◆ TASK DESCRIPTION: Give back exactly the lines of the data below, starting with the line that has "already has positive welfare. *)" and going on through the line that has "Definition blend u".

◆ STORED DATA:
(* Let $J$ be an ordinal, anonymous and neutral randomized mechanism for the unit-range normalization with $n$ agents and $n$ items, and let $\epsilon>0$. Then $$ar(J) = \inf_{\mathbf u\in C_\epsilon^n} \frac{\mathbb E[\sum_{i=1}^n u_i(J(\mathbf u)_i)]}{w^*(\mathbf u)}.$$
   Context: Agents $N=\{1,\dots,n\}$, items $M=\{1,\dots,n\}$, outcomes are bijections $\mu$ ($O$ the set of outcomes). Unit-range valuation functions: injective $u:M\to\mathbb R$ with $\max_j u(j)=1$ and $\min_j u(j)=0$; $V$ is the set of these, $V^n$ the set of profiles. A randomized mechanism $J$ maps each profile to a distribution over $O$. $J$ is ordinal if its output distribution is unchanged when one agent's valuation function is replaced by another inducing the same ordering of items. $J$ is anonymous if for every permutation $\pi$ of agents, with $\mathbf u^\pi=(u_{\pi(1)},\dots,u_{\pi(n)})$, $(J(\mathbf u^\pi)_k)_k$ has the same distribution as $(J(\mathbf u)_{\pi(k)})_k$. $J$ is neutral if for every permutation $\sigma$ of items, with $\mathbf u\circ\sigma=(u_1\circ\sigma,\dots,u_n\circ\sigma)$, $(\sigma(J(\mathbf u\circ\sigma)_i))_i$ has the same distribution as $(J(\mathbf u)_i)_i$. $w^*(\mathbf u)=\max_{\mu\in O}\sum_i u_i(\mu_i)$, and $ar(J)=\inf_{\mathbf u\in V^n}\mathbb E[\sum_i u_i(J(\mathbf u)_i)]/w^*(\mathbf u)$. The quasi-combinatorial valuation functions are $C_\epsilon=\{u\in V : u(M)\subseteq[0,\epsilon)\cup(1-\epsilon,1]\}$, and $C_\epsilon^n$ is the set of profiles all of whose valuation functions lie in $C_\epsilon$. *)

From Stdlib Require Import Reals.
From mathcomp Require Import all_boot.
From mathcomp Require Import fingroup perm.

Set Implicit Arguments.
Unset Strict Implicit.
Unset Printing Implicit Defensive.

Local Open Scope R_scope.

(* Agents and items are both 'I_n.  An outcome is a bijection agents -> items. *)
Notation outcome n := {perm 'I_n}.

Definition valuation (n : nat) := 'I_n -> R.
Definition profile (n : nat) := 'I_n -> valuation n.

Definition unit_range (n : nat) (u : valuation n) : Prop :=
  injective u /\
  (exists j, u j = 1) /\ (forall j, u j <= 1) /\
  (exists j, u j = 0) /\ (forall j, 0 <= u j).

Definition in_Vn (n : nat) (p : profile n) : Prop :=
  forall i, unit_range (p i).

Definition quasi_comb (n : nat) (eps : R) (u : valuation n) : Prop :=
  unit_range u /\ forall j, (0 <= u j < eps) \/ (1 - eps < u j <= 1).

Definition in_Cn (n : nat) (eps : R) (p : profile n) : Prop :=
  forall i, quasi_comb eps (p i).

(* A randomized mechanism: maps a profile to a function giving the
   probability of each outcome. *)
Definition mechanism (n : nat) := profile n -> outcome n -> R.

Definition is_distribution (n : nat) (d : outcome n -> R) : Prop :=
  (forall mu, 0 <= d mu) /\ \big[Rplus/0]_(mu : outcome n) d mu = 1.

Definition randomized_mechanism (n : nat) (J : mechanism n) : Prop :=
  forall p, in_Vn p -> is_distribution (J p).

Definition replace_agent (n : nat) (p : profile n) (i : 'I_n) (v : valuation n)
  : profile n := fun k => if k == i then v else p k.

Definition same_ordering (n : nat) (u v : valuation n) : Prop :=
  forall j k, u j < u k <-> v j < v k.

Definition ordinal_mech (n : nat) (J : mechanism n) : Prop :=
  forall p i v, in_Vn p -> unit_range v -> same_ordering (p i) v ->
    J (replace_agent p i v) = J p.

(* Anonymity: (J(u^pi)_k)_k ~ (J(u)_{pi k})_k, i.e. the probability of nu under
   J(u^pi) equals the probability under J(u) of the mu with mu (pi k) = nu k. *)
Definition anonymous_mech (n : nat) (J : mechanism n) : Prop :=
  forall p (pi : {perm 'I_n}) (nu mu : outcome n), in_Vn p ->
    (forall k, mu (pi k) = nu k) ->
    J (fun k => p (pi k)) nu = J p mu.

(* Neutrality: (sigma(J(u o sigma)_i))_i ~ (J(u)_i)_i. *)
Definition neutral_mech (n : nat) (J : mechanism n) : Prop :=
  forall p (sigma : {perm 'I_n}) (nu mu : outcome n), in_Vn p ->
    (forall i, mu i = sigma (nu i)) ->
    J (fun i j => p i (sigma j)) nu = J p mu.

Definition welfare (n : nat) (p : profile n) (mu : outcome n) : R :=
  \big[Rplus/0]_(i < n) p i (mu i).

Definition exp_welfare (n : nat) (J : mechanism n) (p : profile n) : R :=
  \big[Rplus/0]_(mu : outcome n) (J p mu * welfare p mu).

(* Optimal welfare w*(u); on V^n all welfares are >= 0, so 0 is a neutral
   starting value for the maximum. *)
Definition opt_welfare (n : nat) (p : profile n) : R :=
  \big[Rmax/0]_(mu : outcome n) welfare p mu.

Definition ratio (n : nat) (J : mechanism n) (p : profile n) : R :=
  exp_welfare J p / opt_welfare p.

Definition is_inf (S : R -> Prop) (m : R) : Prop :=
  (forall x, S x -> m <= x) /\ (forall b, (forall x, S x -> b <= x) -> b <= m).

Definition is_ar (n : nat) (J : mechanism n) (m : R) : Prop :=
  is_inf (fun r => exists p, in_Vn p /\ r = ratio J p) m.

(* Fix the other agents and let agent i's valuation vary
   within its ordering class: the mechanism's distribution is then constant, so the
   expected welfare is linear and the optimal welfare convex in u_i, and the ratio is
   quasi-concave: on a convex combination it is at least the smaller of the ratios at
   the two ends.  Write u_i = (1 - d) phi + d u_i with phi = u_i and d < eps.  If phi
   takes a value c strictly between 0 and 1, thresholding at c writes phi as
   c phi1 + (1 - c) phi2 where phi1, phi2 take fewer such values; descending to the
   worse end and iterating ends with a {0,1}-valued phi, for which (1 - d) phi + d u_i
   is quasi-combinatorial.  Doing this agent by agent gives a profile in C_eps^n whose
   ratio is at most that of the original one. *)
From HB Require Import structures.
From Stdlib Require Import Reals.
From mathcomp Require Import all_boot.
From mathcomp Require Import fingroup perm.
From Stdlib Require Import Lra Classical FunctionalExtensionality.

Local Open Scope R_scope.

HB.instance Definition _ := Monoid.isComLaw.Build R 0 Rplus
  (fun x y z => esym (Rplus_assoc x y z)) Rplus_comm Rplus_0_l.

Section BigReal.
Context {T : finType}.
Implicit Types F G : T -> R.

Lemma big_Rplus_ge0 F : (forall x, 0 <= F x) -> 0 <= \big[Rplus/0]_(x : T) F x.
Proof. by move=> F0; apply: big_ind => //; [lra | move=> a b; lra]. Qed.

Lemma big_Rplus_ge_term F x0 : (forall x, 0 <= F x) ->
  F x0 <= \big[Rplus/0]_(x : T) F x.
Proof.
move=> F0; rewrite (bigD1 x0) //=.
have : 0 <= \big[Rplus/0]_(x | x != x0) F x by apply: big_ind => //; [lra | move=> a b; lra].
lra.
Qed.

Lemma big_Rplus_comb F G (c d : R) :
  \big[Rplus/0]_(x : T) (c * F x + d * G x) =
  c * \big[Rplus/0]_(x : T) F x + d * \big[Rplus/0]_(x : T) G x.
Proof.
apply: (big_ind3 (fun a b z => z = c * a + d * b)) => //; first ring.
by move=> x1 x2 x3 y1 y2 y3 -> ->; ring.
Qed.

Lemma big_Rmax_ge_term F x0 : F x0 <= \big[Rmax/0]_(x : T) F x.
Proof.
elim: (index_enum T) (mem_index_enum x0) => [//|y s IH].
rewrite in_cons big_cons => /orP [/eqP <- | /IH le]; first exact: Rmax_l.
exact: Rle_trans le (Rmax_r _ _).
Qed.

Lemma big_Rmax_le F B : 0 <= B -> (forall x, F x <= B) ->
  \big[Rmax/0]_(x : T) F x <= B.
Proof. by move=> B0 FB; apply: (big_ind (fun z => z <= B)) => // a b; apply: Rmax_lub. Qed.

End BigReal.

Lemma Rdiv_le_convex_comb (L1 L2 W1 W2 L W c : R) :
  0 <= L1 -> 0 <= L2 -> 0 < W1 -> 0 < W2 -> 0 < W -> 0 <= c <= 1 ->
  L = c * L1 + (1 - c) * L2 -> W <= c * W1 + (1 - c) * W2 ->
  L1 / W1 <= L / W \/ L2 / W2 <= L / W.
Proof.
move=> L1p L2p W1p W2p Wp c01 -> HW.
have below_both r : 0 <= r -> r <= L1 / W1 -> r <= L2 / W2 -> r <= (c * L1 + (1 - c) * L2) / W.
  move=> r0 r1 r2.
  have rW1 : r * W1 <= L1.
    apply: (Rmult_le_reg_r (/ W1)); first exact: Rinv_0_lt_compat.
    by rewrite Rmult_assoc Rinv_r ?Rmult_1_r; lra.
  have rW2 : r * W2 <= L2.
    apply: (Rmult_le_reg_r (/ W2)); first exact: Rinv_0_lt_compat.
    by rewrite Rmult_assoc Rinv_r ?Rmult_1_r; lra.
  apply: (Rmult_le_reg_r W) => //.
  rewrite /Rdiv Rmult_assoc Rinv_l ?Rmult_1_r; nra.
have [r1 r2] : 0 <= L1 / W1 /\ 0 <= L2 / W2 by split; apply: Rle_mult_inv_pos.
case: (Rle_lt_dec (L1 / W1) (L2 / W2)) => cmp; [left | right]; apply: below_both; lra.
Qed.

Lemma is_inf_dominated (S T : R -> Prop) (m : R) :
  (forall x, S x -> T x) -> (forall x, T x -> exists2 y, S y & y <= x) ->
  is_inf T m <-> is_inf S m.
Proof.
move=> ST TS; split=> [[lbT glbT] | [lbS glbS]]; split.
- by move=> x /ST; apply: lbT.
- move=> b lbS; apply: glbT => x /TS [y Sy yx]; exact: Rle_trans (lbS _ Sy) yx.
- by move=> x /TS [y Sy yx]; exact: Rle_trans (lbS _ Sy) yx.
- by move=> b lbT; apply: glbS => x /ST; apply: lbT.
Qed.

Section Valuations.
Variable n : nat.
Implicit Types (u v phi : valuation n) (p : profile n).

Lemma in_Cn_Vn eps p : in_Cn eps p -> in_Vn p.
Proof. by move=> Cp i; case: (Cp i). Qed.

Lemma replace_agent_Vn p i v : in_Vn p -> unit_range v -> in_Vn (replace_agent p i v).
Proof. by move=> Vp Uv k; rewrite /replace_agent; case: (k == i). Qed.

Lemma welfare_ge0 p mu : in_Vn p -> 0 <= welfare p mu.
Proof. by move=> Vp; apply: big_Rplus_ge0 => k; case: (Vp k) => _ [_ [_ [_]]]. Qed.

Lemma welfare_le_opt p mu : welfare p mu <= opt_welfare p.
Proof. exact: (big_Rmax_ge_term (fun mu => welfare p mu)). Qed.

(* Some agent [i] exists, and the transposition sending [i] to its favourite item
   already has positive welfare. *)
Lemma opt_welfare_gt0 p (i : 'I_n) : in_Vn p -> 0 < opt_welfare p.
Proof.
move=> Vp; case: (Vp i) => _ [[j pij] _].
have : p i (tperm i j i) <= welfare p (tperm i j).
  by apply: (big_Rplus_ge_term (fun k => p k (tperm i j k))) => k; case: (Vp k) => _ [_ [_ [_]]].
rewrite tpermL pij => H; have := welfare_le_opt p (tperm i j); lra.
Qed.

Definition blend u phi (d : R) : valuation n := fun j => (1 - d) * phi j + d * u j.

Definition shaped_by u phi : Prop :=
  (forall j, 0 <= phi j <= 1) /\
  (forall j k, u j < u k -> phi j <= phi k) /\
  (forall j, u j = 1 -> phi j = 1) /\
  (forall j, u j = 0 -> phi j = 0).

Lemma shaped_by_self u : unit_range u -> shaped_by u u.
Proof.
case=> _ [_ [u_le1 [_ u_ge0]]].
by split; [move=> j; split | split; [move=> j k; lra | split]].
Qed.

Lemma blend_self u d : blend u u d = u.
Proof. by apply: functional_extensionality => j; rewrite /blend; ring. Qed.

Section Blend.
Variables (u phi : valuation n) (d : R).
Hypotheses (Uu : unit_range u) (d01 : 0 < d < 1) (Sphi : shaped_by u phi).

Lemma blend_lt j k : u j < u k -> blend u phi d j < blend u phi d k.
Proof. by case: Sphi => _ [mono _] ujk; have := mono _ _ ujk; rewrite /blend; nra. Qed.

Lemma blend_same_ordering : same_ordering u (blend u phi d).
Proof.
move=> j k; split; first exact: blend_lt.
case: (total_order_T (u j) (u k)) => [[ujk | ujk] | ujk] // bjk.
- by case: Uu => inj _; rewrite (inj _ _ ujk) in bjk; lra.
- by have := @blend_lt _ _ ujk; lra.
Qed.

◆ WORKED SOLUTION:
   already has positive welfare. *)
Lemma opt_welfare_gt0 p (i : 'I_n) : in_Vn p -> 0 < opt_welfare p.
Proof.
move=> Vp; case: (Vp i) => _ [[j pij] _].
have : p i (tperm i j i) <= welfare p (tperm i j).
  by apply: (big_Rplus_ge_term (fun k => p k (tperm i j k))) => k; case: (Vp k) => _ [_ [_ [_]]].
rewrite tpermL pij => H; have := welfare_le_opt p (tperm i j); lra.
Qed.

Definition blend u phi (d : R) : valuation n := fun j => (1 - d) * phi j + d * u j.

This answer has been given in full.